N-grams do not cross utterance boundaries.
# Arguments
n - The n-gram order (1 for unigrams, 2 for bigrams, etc.).
- words(*, by_utterance=False, by_file=False)¶
Return words, optionally grouped by utterance and/or file.
- class pylangacq.ChangeableHeader¶
A changeable header that can appear mid-file in CHAT transcripts.
- class pylangacq.Gra(dep, head, rel)¶
A grammatical relation from the %gra tier.
- class pylangacq.Headers¶
All file-level (non-changeable) headers from a CHAT file.
- class pylangacq.Ngrams(n, *, min_n=None)¶
An n-gram counter for counting n-gram frequencies.

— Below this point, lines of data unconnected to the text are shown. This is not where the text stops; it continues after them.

Lemma alpha_sub (g : Z -> X) (S : {set X}) :
  locally_closed op S -> compatible mv S -> (forall t, g t \in S) ->
  alpha op mv g \subset S.
Proof.
move=> lcS cS gS; apply: lc_hull_min => //; apply/subsetP => z.
by rewrite inE => /pbP /(_ 0%Z (Z.le_refl _)) [s [_ <-]].
Qed.

Lemma alpha_cst x : alpha op mv (fun _ => x) = lc_hull op mv [set x].
Proof.
congr lc_hull; apply/setP => z; rewrite !inE.
apply/pbP/eqP => [/(_ 0%Z (Z.le_refl _)) [_ [_ ->]] // | <- t _].
by exists t; split; first exact: Z.le_refl.
Qed.

Lemma omega_cst x : omega op mv (fun _ => x) = lc_hull op mv [set x].
Proof.
congr lc_hull; apply/setP => z; rewrite !inE.
apply/pbP/eqP => [/(_ 0%Z (Z.le_refl _)) [_ [_ ->]] // | <- t _].
by exists t; split; first exact: Z.le_refl.
Qed.

Section IsolatedInvariant.
Variable S : {set X}.
Hypothesis Siso : isolated_invariant op mv S.

(* The path c, a, b lies in the isolating set N, as N contains Π(S). *)
Lemma isolated_invariant_path2 c a b :
  c \in S -> b \in S -> a \in Pi op mv c -> b \in Pi op mv a -> a \in S.
Proof.
case: Siso => _ [N [_ PiSN isoN]] cS bS ac ba.
have PiN y : y \in S -> Pi op mv y \subset N.
  by move=> yS; apply: subset_trans PiSN; apply: (@bigcup_sup _ _ y).
have := isoN c [:: a; b]; rewrite /sol_path /= ac ba cS bS.
rewrite (subsetP (PiN c cS)) ?mem_Pi // (subsetP (PiN c cS)) //.
rewrite (subsetP (PiN b bS)) ?mem_Pi //.
by move=> /(_ isT isT isT isT) /and3P[].
Qed.

Lemma isolated_invariant_compatible : compatible mv S.
Proof.
apply/forall_inP => x xS; apply/subsetP => z zx.
apply: (isolated_invariant_path2 xS xS); apply: mvec_Pi => //.
exact: mvec_sym.
Qed.

(* In a finite space a point b of cl(cl S \ S) lies in cl{a} for some
   a ∈ cl S \ S, which lies in cl{c} for some c ∈ S; were b ∈ S, the path
   c, a, b would force a ∈ S. *)
Lemma isolated_invariant_locally_closed : locally_closed op S.
Proof.
rewrite /locally_closed; set D := cl op S :\: S.
apply: (cl_subset_closed top); apply/subsetP => b.
move=> /(subsetP (cl_sub_bigcup_cl1 top D)) /bigcupP[a aD ba].
move: (aD); rewrite inE => /andP[aS /(subsetP (cl_sub_bigcup_cl1 top S))].
move=> /bigcupP[c cS ac].
have bc := cl1_trans top ba ac.
have cclS : c \in cl op S by rewrite (subsetP (subset_cl op S)).
rewrite inE (subsetP (cl1_sub top cclS) _ bc) andbT; apply/negP => bS.
by move: aS; rewrite (isolated_invariant_path2 cS bS (cl1_Pi ac) (cl1_Pi ba)).
Qed.

End IsolatedInvariant.

Lemma critical_cst_essential (V : {set X}) x :
  V \in mv -> critical op V -> x \in V -> essential op mv (fun _ => x).
Proof.
move=> Vmv Vcrit xV.
have not_regular : ~ in_single_regular op mv (lc_hull op mv [set x]).
  move=> [W Wmv [Wreg hullW]].
  have xW : x \in W.
    by rewrite (subsetP hullW) // (subsetP (subset_lc_hull _)) ?set11.
  by apply: Wreg; rewrite -(mvec_eq Wmv xW) (mvec_eq Vmv xV).
split; first by move=> t; apply: mem_Pi.
by rewrite alpha_cst omega_cst; case.
Qed.

Section MorsePredecomposition.
Variables (P : Type) (M : P -> {set X}).
Hypothesis morse : morse_predecomposition op mv M.

Lemma alpha_essential_meets_morse (g : Z -> X) :
  essential op mv g -> exists p, alpha op mv g :&: M p != set0.
Proof.
case: morse => _ _ links ess.
have [p [_ [_ [? _]]]] := links g (conj ess (fun t => in_setT (g t))).
by exists p.
Qed.

Lemma isolated_invariant_meets_morse (S : {set X}) :
  S != set0 -> isolated_invariant op mv S -> exists p, S :&: M p != set0.
Proof.
move=> /set0Pn[x xS] Siso; have [Sinv _] := Siso.
move: xS; rewrite -{1}Sinv inE => /andP[_ /pbP[g [[ess gS] _]]].
have [p /set0Pn[y /setIP[ya yM]]] := alpha_essential_meets_morse ess.
exists p; apply/set0Pn; exists y; rewrite inE yM andbT.
apply: (subsetP (alpha_sub _ _ gS) _ ya).
  exact: isolated_invariant_locally_closed.
exact: isolated_invariant_compatible.
Qed.

Lemma critical_sub_morse (V : {set X}) x :
  V \in mv -> critical op V -> x \in V -> exists p, x \in M p.
Proof.
move=> Vmv Vcrit xV; case: (morse) => _ Miso _.
have [p /set0Pn[y /setIP[ya yM]]] :=
  alpha_essential_meets_morse (critical_cst_essential Vmv Vcrit xV).
have yV : y \in V.
  have alphaV := alpha_sub (mv_locally_closed Vmv) (mv_compatible Vmv).
  by apply: (subsetP (alphaV _ (fun=> xV))).
exists p; have /forall_inP/(_ y yM)/subsetP :=
  isolated_invariant_compatible (Miso p).
by apply; rewrite (mvec_eq Vmv yV).
Qed.

End MorsePredecomposition.
End MultivectorField.

Theorem proposition4p4 (X : finType) (op : {set {set X}}) (mv : {set {set X}})
  (P : Type) (M : P -> {set X}) :
  is_topology op -> T0 op ->
  multivector_field op mv ->
  invariant_set op mv [set: X] ->
  morse_predecomposition op mv M ->
  (forall S : {set X}, S != set0 -> isolated_invariant op mv S ->
     exists p, S :&: M p != set0) /\
  (forall V, V \in mv -> critical op V ->
     forall x, x \in V -> exists p, x \in M p).
Proof.
move=> top _ mvf _ morse; split.
- by move=> S; apply: (isolated_invariant_meets_morse top mvf morse).
- by move=> V Vmv Vcrit x; apply: (critical_sub_morse mvf morse).
Qed.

Accumulates n-gram counts from sequences of elements. N-grams do not cross sequence boundaries.
- clear()¶
Clear all counts.
- count(seq)¶
Count n-grams from a single sequence.
Extracts all n-grams of the configured order from the sequence and increments their counts. N-grams do not cross sequence boundaries.
- count_seqs(seqs)¶
Count n-grams from multiple sequences.
Each sequence is treated independently (n-grams do not cross boundaries).
- get(ngram)¶
Return the count for a specific n-gram.
Returns 0 if the n-gram has not been observed.
- items(*, order=None)¶
Return all (n-gram, count) pairs.
- min_n¶
The minimum n-gram order.
- most_common(n=None, *, order=None)¶
Return the n most common n-grams with their counts.
If n is None, returns all n-grams sorted by count (descending).
- n¶
The n-gram order.
- to_counter(*, order=None)¶
Convert to a Python
collections.Counter.Returns a
Countermapping n-gram tuples to their counts.
- total(*, order=None)¶
Return the total number of n-gram tokens counted.
- class pylangacq.Participant¶
A single participant from @Participants + @ID fields merged.
- class pylangacq.Token(word, pos=None, mor=None, gra=None)¶
A token with word, POS, morphology, and grammatical relation.
- class pylangacq.Utterance(*, participant=None, tokens=None, time_marks=None, tiers=None, changeable_header=None)¶
A single utterance from a CHAT transcript.
For changeable headers (e.g., @Comment, @New Episode), only changeable_header is set; all other fields are None.
- raw¶
Raw transcript of this utterance, or None for headers.
- to_str()¶
Return a plain text tabular representation of this utterance.
- class pylangacq.Utterances¶
A sequence of utterances with a formatted display for terminal/notebook use.
Returned by [Chat::head] and [Chat::tail].